Wednesday, July 30, 2014

Summer Training with Taijiquan Master, Dr. Jesse Tsao

I was honored to join the summer taiji training with Master Jesse and a couple dozen wonderful folk from many places in the USA and beyond.
But how to distill such a wonderful and intense week into a short blog? With difficulty! As they say with any good story; "You had to be there!"
The week was themed around the idea of neigong—internal energy cultivation—and Master Jesse taught us in three areas: neigong in a new short form—mini compact taiji, based on the Chen system; neigong in each of the long forms in the main family traditions of Chen, Yang, Sun and Wu; and neigong in push hands play.
Much of the week focussed on the core concepts of taiji that can be applied in any style. As Jesse teaches, this is like learning a formula rather than memorizing the answer to a math question. The formula can be applied in many situations. Yet, like some math formulas, the core concepts of taiji, though easily stated, take much practice for a player to become proficient. Simply stated the core concepts are: 1) settle down before any movement (feet, hips, shoulders), 2) practice the "figure eight" from heel to opposite toes, to same foot heel, to opposite toes, and 3) become aware of the connections between the three "rings of energy," feet and hands, knees and elbows, hips and shoulders. I used to think that patting the head and rubbing the tummy at the same time was difficult, but this? There are so many layers of somatic complexity. Whatever the style of taiji practices, these essential ideas form the core. Jesse taught us the principles using the Chen compact mini routine, and we then applied them to other forms. During the week I had opportunity to apply the principles in the long forms of Chen, Yang and Wu, with some shorter work with Sun. Chen and Yang long forms are my alternate daily practice. Wu and Sun were new to me and I enjoyed their different energies. The fluidity and power observed in taiji masters derives from the internalization of these principles with their effect in every posture and transition. When you look at taiji and it seems less flowing, wooden (sticklike) and disjointed, it is because these principles have not yet been internalized.

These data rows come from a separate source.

Lemma mxblk_scalar_disjoint I J (a : R) : [disjoint I & J] -> mxblk I J a%:M = 0.
Proof.
move=> dIJ; apply/matrixP => i j; rewrite !mxE.
case: eqP => [eij|]; last by rewrite mulr0n.
by have := enum_valP j; rewrite -eij (disjointFr dIJ (enum_valP i)).
Qed.

Lemma mxblk_sub_scalar I (a : R) M : mxblk I I (a%:M - M) = a%:M - mxblk I I M.
Proof. by rewrite mxblkB mxblk_scalar. Qed.

Lemma mxblk_sub_scalar_disjoint I J (a : R) M :
  [disjoint I & J] -> mxblk I J (a%:M - M) = - mxblk I J M.
Proof. by move=> dIJ; rewrite mxblkB mxblk_scalar_disjoint // sub0r. Qed.

Variables S S' : {set 'I_N}.
Hypotheses (dS : [disjoint S & S']) (covS : S :|: S' = [set: 'I_N]).

Lemma mxblk_mul I J M M' :
  mxblk I J (M *m M') = mxblk I S M *m mxblk S J M' + mxblk I S' M *m mxblk S' J M'.
Proof.
have inS' k : (k \notin S) = (k \in S').
  have : k \in S :|: S' by rewrite covS finset.in_setT.
  by rewrite finset.in_setU; case: (boolP (k \in S)) => [/(disjointFr dS)->|].
apply/matrixP => i j; rewrite !mxE (bigID (fun k => k \in S)) /=; congr (_ + _).
  by rewrite (big_enum_val (A := fun k => k \in S)); apply: eq_bigr => k _; rewrite !mxE.
rewrite (eq_bigl (fun k => k \in S')) => [|k]; last exact: inS'.
by rewrite (big_enum_val (A := fun k => k \in S')); apply: eq_bigr => k _; rewrite !mxE.
Qed.

End SetBlocks.

Section SchurComplement.
Variables (R : comUnitRingType) (N : nat) (S S' : {set 'I_N}).
Hypotheses (dS : [disjoint S & S']) (covS : S :|: S' = [set: 'I_N]).

Lemma schur_complement_mxblk (M G : 'M[R]_N) :
  M *m G = 1%:M -> mxblk S' S' M \in unitmx ->
  (mxblk S S M - mxblk S S' M *m invmx (mxblk S' S' M) *m mxblk S' S M)
    *m mxblk S S G = 1%:M.
Proof.
move=> MG unitD; set D := mxblk S' S' M.
have rowS : mxblk S S M *m mxblk S S G + mxblk S S' M *m mxblk S' S G = 1%:M.
  by rewrite -(mxblk_mul dS covS) MG mxblk_scalar.
have rowS' : mxblk S' S M *m mxblk S S G + D *m mxblk S' S G = 0.
  by rewrite -(mxblk_mul dS covS) MG mxblk_scalar_disjoint // disjoint_sym.
have DQ : D *m mxblk S' S G = - (mxblk S' S M *m mxblk S S G).
  by apply/eqP; rewrite -subr_eq0 opprK addrC rowS'.
have eQ : mxblk S' S G = - (invmx D *m mxblk S' S M *m mxblk S S G).
  by rewrite -mulmxA -mulmxN -DQ mulKmx.
by rewrite -rowS eQ mulmxBl mulmxN !mulmxA.
Qed.

End SchurComplement.

Lemma invmx_sub_fixpoint (R : comUnitRingType) n (B H P : 'M[R]_n) :
  B \in unitmx -> (B - H) *m P = 1%:M ->
  invmx B - P = invmx B *m H *m (invmx B - P) + - (invmx B *m H *m invmx B).
Proof.
move=> unitB BHP.
have P_eq : P = invmx B + invmx B *m H *m P.
  by rewrite -mulmxA -{1}[invmx B]mulmx1 -mulmxDr -BHP mulmxBl subrK mulKmx.
by rewrite {1}P_eq mulmxBr addrAC subrr add0r opprD addNKr.
Qed.

Lemma noneigenvalue_unitmx (F : fieldType) n (g : 'M[F]_n) a :
  ~ eigenvalue g a -> a%:M - g \in unitmx.
Proof.
move/negP; rewrite negbK kermx_eq0 => free.
by rewrite -opprB -row_free_unit /row_free mxrank_opp.
Qed.

Lemma mxblk_cmx (R : realType) N (I J : {set 'I_N}) (M : 'M[R]_N) :
  mxblk I J (cmx M) = cmx (blk I J M).
Proof. by apply/matrixP => i j; rewrite !mxE. Qed.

The testing out of the principles comes not only in the forms but in partner work often translated into English as "push hands." Jesse taught us that "control" is a better understanding than "push," and that hands are a minor part of the play. Much more it is about rooting, settling, centering, controlling your self (knowing your self) and only then controlling your partner (knowing your partner). There is immense subtlety in push hands. The temptation is always to overcommit, lose the center, panic, win at all costs, and save face. I learned from Jesse that much is about the Ego  and Ego-attachments. We win by losing. We invest in loss. This week I did a great deal of investment! (Not to mention a fair few bruises from my friends who sometimes gripped too hard!)
All in all, a wonderful week of learning, and a great deal of fun. I returned home with so many new insights, and in this morning's practice I already see the benefits.
Many thanks to all participants from whom I learned a great deal, to Isabelle, Alain and Thomas who cared for me above and beyond the call, and most of all to my sifu master Jesse, a wonderful, compassionate and extraordinary teacher.